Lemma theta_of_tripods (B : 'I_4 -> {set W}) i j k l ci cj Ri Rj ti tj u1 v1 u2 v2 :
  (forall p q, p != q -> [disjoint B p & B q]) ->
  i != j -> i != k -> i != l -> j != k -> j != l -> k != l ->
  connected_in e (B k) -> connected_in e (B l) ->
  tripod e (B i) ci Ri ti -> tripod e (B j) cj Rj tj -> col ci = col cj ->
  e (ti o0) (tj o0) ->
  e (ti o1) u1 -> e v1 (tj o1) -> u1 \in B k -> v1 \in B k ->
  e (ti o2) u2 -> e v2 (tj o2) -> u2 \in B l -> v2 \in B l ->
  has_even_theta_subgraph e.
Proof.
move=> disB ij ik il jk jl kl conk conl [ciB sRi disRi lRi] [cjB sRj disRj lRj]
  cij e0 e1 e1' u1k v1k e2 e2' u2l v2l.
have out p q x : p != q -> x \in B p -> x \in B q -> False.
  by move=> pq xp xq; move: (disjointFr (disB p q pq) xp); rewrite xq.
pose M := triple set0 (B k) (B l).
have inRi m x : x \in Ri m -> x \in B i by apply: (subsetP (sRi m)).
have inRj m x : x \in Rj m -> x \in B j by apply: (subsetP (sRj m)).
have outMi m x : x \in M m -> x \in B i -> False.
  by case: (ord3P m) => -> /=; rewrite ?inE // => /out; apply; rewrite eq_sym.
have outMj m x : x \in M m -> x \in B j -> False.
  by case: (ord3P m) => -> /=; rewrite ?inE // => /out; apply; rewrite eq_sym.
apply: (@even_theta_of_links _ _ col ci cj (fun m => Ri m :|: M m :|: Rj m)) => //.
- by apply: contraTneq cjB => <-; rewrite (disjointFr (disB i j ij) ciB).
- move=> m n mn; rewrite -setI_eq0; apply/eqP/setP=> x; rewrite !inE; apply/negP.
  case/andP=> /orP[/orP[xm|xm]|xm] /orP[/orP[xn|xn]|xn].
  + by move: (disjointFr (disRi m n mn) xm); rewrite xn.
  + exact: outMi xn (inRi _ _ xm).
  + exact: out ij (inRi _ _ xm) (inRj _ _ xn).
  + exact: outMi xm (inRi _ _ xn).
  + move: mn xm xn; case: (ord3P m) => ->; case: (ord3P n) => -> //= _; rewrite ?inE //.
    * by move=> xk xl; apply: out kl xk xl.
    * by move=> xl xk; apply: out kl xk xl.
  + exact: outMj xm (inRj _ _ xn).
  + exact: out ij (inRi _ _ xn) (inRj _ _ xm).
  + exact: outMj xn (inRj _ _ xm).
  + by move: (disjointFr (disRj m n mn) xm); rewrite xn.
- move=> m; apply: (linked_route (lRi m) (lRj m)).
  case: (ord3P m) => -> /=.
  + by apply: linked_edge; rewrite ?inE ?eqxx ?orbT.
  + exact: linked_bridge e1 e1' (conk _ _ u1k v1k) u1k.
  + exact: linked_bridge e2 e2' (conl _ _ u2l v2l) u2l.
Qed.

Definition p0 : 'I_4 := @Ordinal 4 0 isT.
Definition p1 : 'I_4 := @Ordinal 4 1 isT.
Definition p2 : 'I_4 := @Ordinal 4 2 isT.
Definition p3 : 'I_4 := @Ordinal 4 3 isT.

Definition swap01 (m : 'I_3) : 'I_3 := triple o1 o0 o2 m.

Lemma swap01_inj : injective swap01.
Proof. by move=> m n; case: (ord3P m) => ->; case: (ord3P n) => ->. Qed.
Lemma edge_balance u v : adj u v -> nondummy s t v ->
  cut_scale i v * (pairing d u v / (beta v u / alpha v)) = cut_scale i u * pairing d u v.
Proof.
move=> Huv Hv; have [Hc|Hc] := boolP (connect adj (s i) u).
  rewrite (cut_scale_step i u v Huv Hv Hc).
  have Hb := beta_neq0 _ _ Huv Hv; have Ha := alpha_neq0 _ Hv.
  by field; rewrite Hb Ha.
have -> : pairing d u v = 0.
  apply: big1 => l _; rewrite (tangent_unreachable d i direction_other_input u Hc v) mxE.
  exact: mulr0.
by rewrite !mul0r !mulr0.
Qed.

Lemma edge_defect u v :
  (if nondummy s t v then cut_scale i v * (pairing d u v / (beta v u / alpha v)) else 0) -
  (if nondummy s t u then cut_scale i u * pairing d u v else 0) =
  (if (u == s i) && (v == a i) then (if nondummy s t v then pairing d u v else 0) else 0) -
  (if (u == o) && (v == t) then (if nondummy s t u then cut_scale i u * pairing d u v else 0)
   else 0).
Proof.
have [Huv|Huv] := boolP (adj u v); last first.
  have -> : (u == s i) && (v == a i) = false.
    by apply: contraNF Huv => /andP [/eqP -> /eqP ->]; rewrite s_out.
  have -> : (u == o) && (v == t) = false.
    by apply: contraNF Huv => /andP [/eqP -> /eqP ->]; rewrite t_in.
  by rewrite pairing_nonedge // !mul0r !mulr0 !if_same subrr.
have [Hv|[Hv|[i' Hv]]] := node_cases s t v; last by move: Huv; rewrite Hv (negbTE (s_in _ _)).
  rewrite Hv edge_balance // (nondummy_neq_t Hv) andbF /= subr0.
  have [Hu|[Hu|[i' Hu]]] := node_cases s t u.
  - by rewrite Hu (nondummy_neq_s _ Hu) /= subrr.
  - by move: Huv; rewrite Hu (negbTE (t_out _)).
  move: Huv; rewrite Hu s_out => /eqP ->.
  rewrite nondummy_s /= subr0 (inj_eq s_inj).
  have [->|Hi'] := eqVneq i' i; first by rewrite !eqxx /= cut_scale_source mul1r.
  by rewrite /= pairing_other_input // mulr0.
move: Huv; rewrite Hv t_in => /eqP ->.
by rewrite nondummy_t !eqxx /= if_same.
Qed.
===============
The problem ::
Locate the lines above that contain "Lemma" and copy them.

Task answer ::
Lemma theta_of_tripods (B : 'I_4 -> {set W}) i j k l ci cj Ri Rj ti tj u1 v1 u2 v2 :
Lemma swap01_inj : injective swap01.
Lemma edge_balance u v : adj u v -> nondummy s t v ->
Lemma edge_defect u v :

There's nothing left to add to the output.